Я выбрался на карниз. Там тоже никаких радостей. Сбоку, стараясь оттеснить от стены, поддувал крепкий ветер. Глаза оценили возможный путь. Прямо вверх не попрешь, я не ящерица-геккон. В пяти метрах правее - водосточная труба, которая на посту уже пятилеток шесть.

Я двинулся к ней, однако ширины карниза при такой болтанке явно не хватало. По дороге упрашивал стену не отпускать меня -я словно втирался в ее разливающуюся сонным терпением ширь. Это так на меня опыты профессора Бореева подействовали. А вот и водосточная труба. До чего хлипкая, паскуда, хоть и моя ровесница.

Я взялся за первую перекладину, потянулся ко второй, ледяная железяка хорошо чувствовалась сквозь тоненькие треники. «Береги яйца смолоду,»- вспомнил я наставления учителя физкультуры. Труба захрустела, как леденец на зубах. Я добрался до третьей перекладины, когда она сделала «фу». Я проникал в ее внутренний мир, но тщетно - поганка отторгала меня и гнулась. Секция трубы отходила от вертикали, я начинал падение. Раздалось причитание потревоженного жильца, выглянувшего из распахнутого окна: «Что деется-то, самубивство форменное творится!» Нет, я сегодня не играю в «самубивца». Вот хорошая трещина между кирпичами, достаточная, чтобы просунуть передние фаланги пальцев. Я повис.

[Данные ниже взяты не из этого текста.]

Lemma exists_prim_tree k : (k <= n - 1)%nat -> exists T, is_prim_tree E w n T /\ length T = k.
Proof.
  induction k as [|k IH]; intros Hk.
  - exists []. simpl. auto.
  - destruct IH as [T [HT Hl]]; [lia|].
    destruct (NoDup_short_misses (prim_vertices T) n (prim_vertices_NoDup T HT))
      as [y [Hy Hyn]].
    { unfold prim_vertices. simpl. rewrite length_map. lia. }
    destruct (E_connected 0%nat y ltac:(lia) Hy) as [q Hq].
    destruct (walk_exits E (prim_vertices T) _ _ _ Hq (or_introl eq_refl) Hyn)
      as [x0 [y0 [Hx0 [Hy0 Hxy0]]]].
    destruct (list_argmin
      (fun e => In (fst e) (prim_vertices T) /\ ~ In (snd e) (prim_vertices T) /\
                (snd e < n)%nat /\ E (fst e) (snd e))
      (fun e => w (fst e) (snd e)) (list_prod (seq 0 n) (seq 0 n)))
      as [[p v] [_ [[Hp [Hv [Hvn Hpv]]] Hmin]]].
    { exists (x0, y0). destruct (E_bounded _ _ Hxy0).
      split; [apply in_prod; apply in_seq; lia|]. simpl. auto. }
    exists ((p, v) :: T). split; [|simpl; lia]. simpl. repeat split; auto.
    intros x z Hx Hz Hzn Hxz. apply (Hmin (x, z)); [|simpl; auto].
    destruct (E_bounded _ _ Hxz). apply in_prod; apply in_seq; lia.
Qed.

Lemma exists_prim_spanning_tree : exists T, is_prim_tree E w n T /\ is_spanning_tree n E T.
Proof.
  destruct (exists_prim_tree (n - 1) (le_n _)) as [T [HT Hl]].
  exists T. split; [auto|]. split; [apply prim_edges; auto|]. split; [auto|].
  intros u v Hu Hv.
  assert (Hall : forall y, (y < n)%nat -> In y (prim_vertices T)).
  { apply NoDup_bounded_full; [apply prim_vertices_NoDup; auto| |].
    - apply prim_vertices_lt; [lia|auto].
    - unfold prim_vertices. simpl. rewrite length_map. lia. }
  destruct (prim_vertices_reachable T HT u (Hall u Hu)) as [p Hp].
  destruct (prim_vertices_reachable T HT v (Hall v Hv)) as [q Hq].
  destruct (walk_rev (tree_adj T) _ _ _ ltac:(unfold tree_adj; tauto) Hp) as [p' Hp'].
  exists (p' ++ q). eapply walk_app; eauto.
Qed.

End PrimTrees.

(** * Spanning trees and range assignments *)

Lemma spanning_tree_mono n (E E' : nat -> nat -> Prop) T :
  (forall u v, E u v -> E' u v) -> is_spanning_tree n E T -> is_spanning_tree n E' T.
Proof. intros HE [HT Hrest]. split; auto. Qed.

Lemma SDG_complete n d r u v : SDG n d r u v -> complete n u v.
Proof. intros [? [? [? _]]]. repeat split; auto. Qed.

Lemma SDG_bounded n d r u v : SDG n d r u v -> (u < n)%nat /\ (v < n)%nat.
Proof. intros [? [? _]]. auto. Qed.

Lemma walk_SDG_bounded n d r u p v : walk (SDG n d r) u p v -> forall x, In x p -> (x < n)%nat.
Proof. apply walk_In. intros a b Hab. apply (SDG_bounded _ _ _ _ _ Hab). Qed.

Lemma spanning_tree_In_lists_of n T : is_spanning_tree n (complete n) T ->
  In T (lists_of (list_prod (seq 0 n) (seq 0 n)) (n - 1)).
Proof.
  intros [HT [<- _]]. apply lists_of_In. intros [u v] He.
  destruct (HT _ He) as [? [? _]]. apply in_prod; apply in_seq; simpl in *; lia.
Qed.

Lemma SDG_mono n d r r2 u v : (forall x, (x < n)%nat -> r x <= r2 x) ->
  SDG n d r u v -> SDG n d r2 u v.
Proof.
  intros Hr [Hu [Hv [Huv [H1 H2]]]].
  repeat split; auto; [apply (Rle_trans _ _ _ H1)|apply (Rle_trans _ _ _ H2)]; auto.
Qed.

Lemma COST_le n r r2 : (forall v, (v < n)%nat -> r v <= r2 v) -> COST n r <= COST n r2.
Proof. intros H. apply sumR_map_le. intros v Hv. apply in_seq in Hv. apply H. lia. Qed.

Lemma COST_nonneg n r : (forall v, (v < n)%nat -> 0 <= r v) -> 0 <= COST n r.
Proof. intros H. apply sumR_map_nonneg. intros v Hv. apply in_seq in Hv. apply H. lia. Qed.

Lemma feasible_nonneg n d rb r : feasible n d rb r -> forall v, (v < n)%nat -> 0 <= r v.
Proof. intros [H _] v Hv. apply H; auto. Qed.

Lemma heaviest_incident_nonneg d T v : 0 <= heaviest_incident d T v.
Proof. apply fold_Rmax_nonneg. Qed.

Lemma heaviest_incident_ge d T e : In e T ->
  d (fst e) (snd e) <= heaviest_incident d T (fst e) /\
  d (fst e) (snd e) <= heaviest_incident d T (snd e).
Proof.
  intros He. split; apply fold_Rmax_ge; apply in_map_iff; exists e; split; auto;
  apply filter_In; split; auto; apply Bool.orb_true_iff; [left|right]; apply Nat.eqb_refl.
Qed.

Lemma heaviest_incident_le d T r v :
  (forall e, In e T -> d (fst e) (snd e) <= r (fst e) /\ d (fst e) (snd e) <= r (snd e)) ->
  0 <= r v -> heaviest_incident d T v <= r v.
Proof.
  intros H H0. apply fold_Rmax_lub; auto. intros x Hx.
  apply in_map_iff in Hx. destruct Hx as [e [<- Hin]].
  apply filter_In in Hin. destruct Hin as [Hin Hc]. destruct (H e Hin).
  apply Bool.orb_true_iff in Hc.
  destruct Hc as [Hc|Hc]; apply Nat.eqb_eq in Hc; rewrite <- Hc; auto.
Qed.

Lemma heaviest_incident_le_range n d rb T v : is_spanning_tree n (SDG n d rb) T ->
  0 <= rb v -> heaviest_incident d T v <= rb v.
Proof.
  intros [HT _] Hv. apply heaviest_incident_le; auto.
  intros e He. destruct (HT e He) as [_ [_ [_ ?]]]. auto.
Qed.

Lemma prim_tree_weight_le_COST n d r T : (forall v, (v < n)%nat -> 0 <= r v) ->
  is_prim_tree (SDG n d r) d n T -> weight d T <= COST n r.
Proof.
  intros Hr HT. unfold weight, COST.
  (* each new vertex [v] pays for its own edge [(p, v)] since [d p v <= r v] *)
  apply Rle_trans with (sumR (map r (map snd T))).
  - rewrite map_map. apply sumR_map_le. intros e He.
    destruct (prim_edges _ _ _ _ HT e He) as [_ [_ [_ [_ ?]]]]. auto.
  - apply sumR_map_incl.
    + pose proof (prim_vertices_NoDup _ _ _ _ HT) as Hnd. inversion_clear Hnd. auto.
    + intros x Hx. apply in_seq. pose proof (prim_new_vertices_lt _ _ _ _ HT x Hx). lia.
    + intros x Hx. apply in_seq in Hx. apply Hr. lia.
Qed.

Lemma exists_spanning_tree_weight_le_COST n d r : (forall v, (v < n)%nat -> 0 <= r v) ->
  connected n (SDG n d r) ->
  exists T, is_spanning_tree n (complete n) T /\ weight d T <= COST n r.
Proof.
  intros Hr Hc. destruct (exists_prim_spanning_tree _ d n (SDG_bounded n d r) Hc) as [T [HTp HT]].
  exists T. split; [|apply prim_tree_weight_le_COST; auto].
  eapply spanning_tree_mono; [|eauto]. apply SDG_complete.
Qed.

Section Metric.
Variables (n : nat) (d : nat -> nat -> R).
Hypothesis d_metric : is_metric n d.

Lemma dist_nonneg u v : (u < n)%nat -> (v < n)%nat -> 0 <= d u v.
Proof. apply d_metric. Qed.

Lemma dist_sym u v : (u < n)%nat -> (v < n)%nat -> d u v = d v u.
Proof. apply d_metric. Qed.

Lemma dist_refl u : (u < n)%nat -> d u u = 0.
Proof. intros Hu. apply d_metric; auto. Qed.

Lemma dist_triangle u v x : (u < n)%nat -> (v < n)%nat -> (x < n)%nat ->
  d u x <= d u v + d v x.
Proof. apply d_metric. Qed.

Lemma SDG_sym r u v : SDG n d r u v -> SDG n d r v u.
Proof.
  intros [Hu [Hv [Huv [H1 H2]]]]. rewrite dist_sym in H1, H2 by auto.
  repeat split; auto.
Qed.

Lemma dist_le_diam u v : (u < n)%nat -> (v < n)%nat -> d u v <= diam n d.
Proof.
  intros Hu Hv. apply fold_Rmax_ge. apply in_flat_map. exists u. split; [apply in_seq; lia|].
  apply in_map. apply in_seq; lia.
Qed.

Lemma complete_SDG_diam u v : complete n u v -> SDG n d (fun _ => diam n d) u v.
Proof. intros [Hu [Hv Huv]]. repeat split; auto; apply dist_le_diam; auto. Qed.

Lemma connected_SDG_heaviest_incident T : is_spanning_tree n (complete n) T ->
  connected n (SDG n d (heaviest_incident d T)).
Proof.
  intros [HT [_ Hc]] u v Hu Hv. destruct (Hc u v Hu Hv) as [p Hp]. exists p.
  eapply walk_mono; [|eauto]. intros a b Hab.
  assert (Hdir : forall e, In e T -> SDG n d (heaviest_incident d T) (fst e) (snd e)).
  { intros e He. destruct (HT e He) as [? [? ?]]. destruct (heaviest_incident_ge d T e He).
    repeat split; auto. }
  destruct Hab as [Hab|Hab]; [apply (Hdir _ Hab)|apply SDG_sym, (Hdir _ Hab)].
Qed.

Когда-то пальцы были моим слабым местом, это не мешало в боксе, однако в самбо, дзюдо или карате серьезно вредило. Беглый японский коммунист, преподававший в разведшколе рукопашный бой, полгода заставлял меня крутить пятерней медные шарики и толочь кистью зерно в ступке. От этого мне сейчас было чуточку повеселее.

Но все равно товарищ сенсей до совершенства меня не довел. Поэтому я, быстро выдыхаясь, скреб кедами по стене, пытаясь на чем-то закрепиться хоть символически. Наконец, носок положившему кирпич. Потом каменщик-халтурщик пособил мне еще пару раз.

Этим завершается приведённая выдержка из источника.